The Synagogue of Philippopolis is an ancient religious building built in ancient Philippopolis, now the city of Plovdiv, in the 3rd century AD. The synagogue is the only ancient Jewish temple found in Bulgaria. Today, only the foundation of the temple on part of the mosaic floor are preserved. The ruins of the ancient temple are located on Maria Luiza blvd.

The synagogue
The synagogue was built in the beginning of the 3rd century AD during the reign of the Severan dynasty as a basilica-like building with three naves (a central one and two aisles) located in north–south direction. The width of the central nave was twice as long as the width of the aisles.

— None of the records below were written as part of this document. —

(* Let $\alpha>0>\beta$ with $|\beta|<\alpha$, and put $\delta=\left(\frac{\alpha-\beta}{\alpha+\beta}\right)^2$, $K=\frac{2\alpha}{(\alpha+\beta)^2}$ and $\widehat{K}=\frac{\pi(\alpha+\beta)^2}{2\alpha}$. Let $\gamma>0$ and $k_1>0$. For $n\in\mathbb{N}$ and $\omega>0$ let $$F_n(\omega)=e^{-\widehat{K}n/\omega}-e^{-\delta\widehat{K}n/\omega},\qquad \phi_\omega(s)=\gamma\bigl(1+k_1\sin(2\omega s)\bigr),\qquad y_n(\omega)=e^{-\widehat{K}n/\omega}.$$ Then for every $n\in\mathbb{N}$, the pair $(s_1,\omega_1)$ (with $\omega_1>0$) solves $F_1(\omega)=\phi_\omega(s)$ if and only if $(s_n,\omega_n)=\left(\frac{s_1}{n},n\omega_1\right)$ solves $F_n(\omega)=\phi_\omega(s)$; moreover $y_n(\omega_n)=y_1(\omega_1)$. Consequently, writing $G_\omega(s,y)=\left(s-K\ln y,\; y^\delta+\gamma(1+k_1\sin(2\omega s))\right)$ for $s\in\mathbb{R}$, $y>0$, one has $G_{\omega_1}(s_1,y)=\left(s_1+\frac{\pi}{\omega_1},y\right)$ if and only if $G_{n\omega_1}\left(\frac{s_1}{n},y\right)=\left(\frac{s_1}{n}+\frac{n\pi}{n\omega_1},y\right)$, i.e. $(s_1,y)$ is a fixed point of $G_{\omega_1}$ on the cylinder $\mathbb{R}/(\pi/\omega_1)\mathbb{Z}\times(0,\infty)$ if and only if $(s_1/n,y)$ is a fixed point of $G_{n\omega_1}$ on the cylinder $\mathbb{R}/(\pi/(n\omega_1))\mathbb{Z}\times(0,\infty)$.
   Context: $G_\omega$ is the approximate first return map (return time $-K\ln y$, return coordinate $y$) for a system forced with frequency $\omega$; fixed points of $G_\omega$ on the cylinder correspond to frequency locked periodic solutions. The solutions of $F_n(\omega)=\phi_\omega(s)$ are exactly the pairs $(s,\omega)$ for which $(s,y_n(\omega))$ satisfies $G_\omega(s,y)=(s+n\pi/\omega,y)$. *)

From Stdlib Require Export Reals.
Open Scope R_scope.

Definition delta (a b : R) : R := ((a - b) / (a + b)) ^ 2.
Definition Kc (a b : R) : R := 2 * a / (a + b) ^ 2.
Definition Khat (a b : R) : R := PI * (a + b) ^ 2 / (2 * a).

Definition Fn (a b : R) (n : nat) (w : R) : R :=
  exp (- Khat a b * INR n / w) - exp (- delta a b * Khat a b * INR n / w).

Definition phi (g k1 w s : R) : R := g * (1 + k1 * sin (2 * w * s)).

Definition yn (a b : R) (n : nat) (w : R) : R := exp (- Khat a b * INR n / w).

Definition G (a b g k1 w : R) (p : R * R) : R * R :=
  let (s, y) := p in
  (s - Kc a b * ln y, Rpower y (delta a b) + phi g k1 w s).

From Stdlib Require Import Reals Lra Lia.
Open Scope R_scope.

(* The data depend on (s, ω) only through ω s and n / ω, both invariant under
   (s, ω) ↦ (s / n, n ω); and the fixed-point equation of G at return time t
   splits into -K ln y = t and y^δ + φ_ω(s) = y, where the return times π / ω
   and n π / (n ω) coincide.  No hypothesis on α, β, γ, k₁ is needed. *)

Lemma exp_term_scale (c : R) (n : nat) (w : R) :
  (n <> 0)%nat -> exp (c * INR n / (INR n * w)) = exp (c * INR 1 / w).
Proof.
  intros hn. rewrite Rdiv_mult_r_l, Rmult_1_r by now apply not_0_INR.
  reflexivity.
Qed.

Lemma Fn_scale (a b : R) (n : nat) (w : R) :
  (n <> 0)%nat -> Fn a b n (INR n * w) = Fn a b 1 w.
Proof. intros hn. unfold Fn. now rewrite !exp_term_scale. Qed.

Lemma yn_scale (a b : R) (n : nat) (w : R) :
  (n <> 0)%nat -> yn a b n (INR n * w) = yn a b 1 w.
Proof. apply exp_term_scale. Qed.

Lemma phi_scale (g k1 m w s : R) :
  m <> 0 -> phi g k1 (m * w) (s / m) = phi g k1 w s.
Proof.
  intros hm. unfold phi.
  now replace (2 * (m * w) * (s / m)) with (2 * w * s) by (field; exact hm).
Qed.

Lemma G_shift_fixedE (a b g k1 w s y t : R) :
  G a b g k1 w (s, y) = (s + t, y) <->
  - Kc a b * ln y = t /\ Rpower y (delta a b) + phi g k1 w s = y.
Proof.
  unfold G. rewrite pair_equal_spec.
  split; intros [hs hy]; split; lra.
Qed.

Theorem proposition14 (a b g k1 : R)
  (ha : 0 < a) (hb : b < 0) (hab : Rabs b < a) (hg : 0 < g) (hk1 : 0 < k1)
  (n : nat) (hn : (1 <= n)%nat) :
  (forall s1 w1 : R, 0 < w1 ->
     (Fn a b 1 w1 = phi g k1 w1 s1 <->
      Fn a b n (INR n * w1) = phi g k1 (INR n * w1) (s1 / INR n)))
  /\ (forall w1 : R, 0 < w1 -> yn a b n (INR n * w1) = yn a b 1 w1)
  /\ (forall s1 w1 y : R, 0 < w1 -> 0 < y ->
       (G a b g k1 w1 (s1, y) = (s1 + PI / w1, y) <->
        G a b g k1 (INR n * w1) (s1 / INR n, y)
          = (s1 / INR n + INR n * PI / (INR n * w1), y))).
Proof.
  assert (n_neq0 : (n <> 0)%nat) by lia.
  assert (INR_n_neq0 : INR n <> 0) by now apply not_0_INR.
  split; [| split].
  - intros s1 w1 _. now rewrite Fn_scale, phi_scale.
  - intros w1 _. now apply yn_scale.
  - intros s1 w1 y _ _.
    now rewrite !G_shift_fixedE, phi_scale, Rdiv_mult_l_l.
Qed.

The purpose of the building was determined when two mosaic floors were found during archeological researches. They were built one over another with great craftsmanship and extremely rich colors. The floor mosaics depicted images of Menorah and palm branch which are symbolic for the Jewish community and other geometrical shapes. A four-line inscription in Greek was found as well which provide information for the names of the donors of the temple.

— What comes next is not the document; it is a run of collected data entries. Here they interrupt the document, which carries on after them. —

Lemma Eval_total e : forall v, exists r, Eval e v r.
Proof.
  induction e as [[|a] IH] using lt_wf_ind; intros v; [exists 0; constructor|].
  rewrite <- (cpair_cfst_csnd a) in IH |- *.
  set (t := cfst a) in *. set (x := csnd a) in *.
  assert (Hx : x < S (cpair t x)) by (unfold cpair; lia).
  pose proof (cfst_le x). pose proof (csnd_le x).
  destruct t as [|[|[|t]]].
  - eexists; constructor.
  - eexists; constructor.
  - destruct (EvalList_total _ IH (csnd x) ltac:(lia) v) as [rs Hrs].
    destruct (IH (cfst x) ltac:(lia) rs) as [r Hr].
    exists r. econstructor; eauto.
  - assert (Hrec : forall n, exists r, EvalRec (cfst x) (csnd x) (tl v) n r).
    { induction n as [|n [r Hr]].
      - destruct (IH (cfst x) ltac:(lia) (tl v)) as [r Hr].
        exists r; constructor; auto.
      - destruct (IH (csnd x) ltac:(lia) (n :: r :: tl v)) as [r' Hr'].
        exists r'. econstructor; eauto. }
    destruct (Hrec (hd 0 v)) as [r Hr]. exists r. constructor; auto. lia.
Qed.

Lemma list_choice (P : nat -> nat -> Prop) m :
  (forall i, i < m -> exists e, P i e) ->
  exists l, length l = m /\ forall i, i < m -> P i (nth i l 0).
Proof.
  induction m as [|m IH]; intros H.
  - exists []; split; [reflexivity | intros; lia].
  - destruct IH as [l [Hl Hp]]; [intros; apply H; lia|].
    destruct (H m ltac:(lia)) as [e He].
    exists (l ++ [e]). split; [rewrite length_app; simpl; lia|].
    intros i Hi. destruct (Nat.eq_dec i m) as [->|].
    + rewrite app_nth2, Hl, Nat.sub_diag by lia. exact He.
    + rewrite app_nth1 by lia. apply Hp; lia.
Qed.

The synagogue was almost destroyed during the invasion of the Goths in 250 AD but later it was rebuilt in its original design. The building was destroyed again in the beginning of the 5th century during the persecution of Jews in the Roman Empire. Then, the building was restored and expanded. The second layer of floor mosaics which excluded Jewish symbols is evidence of that period. The synagogue was completely abandoned and destroyed in the end of the 6th century AD.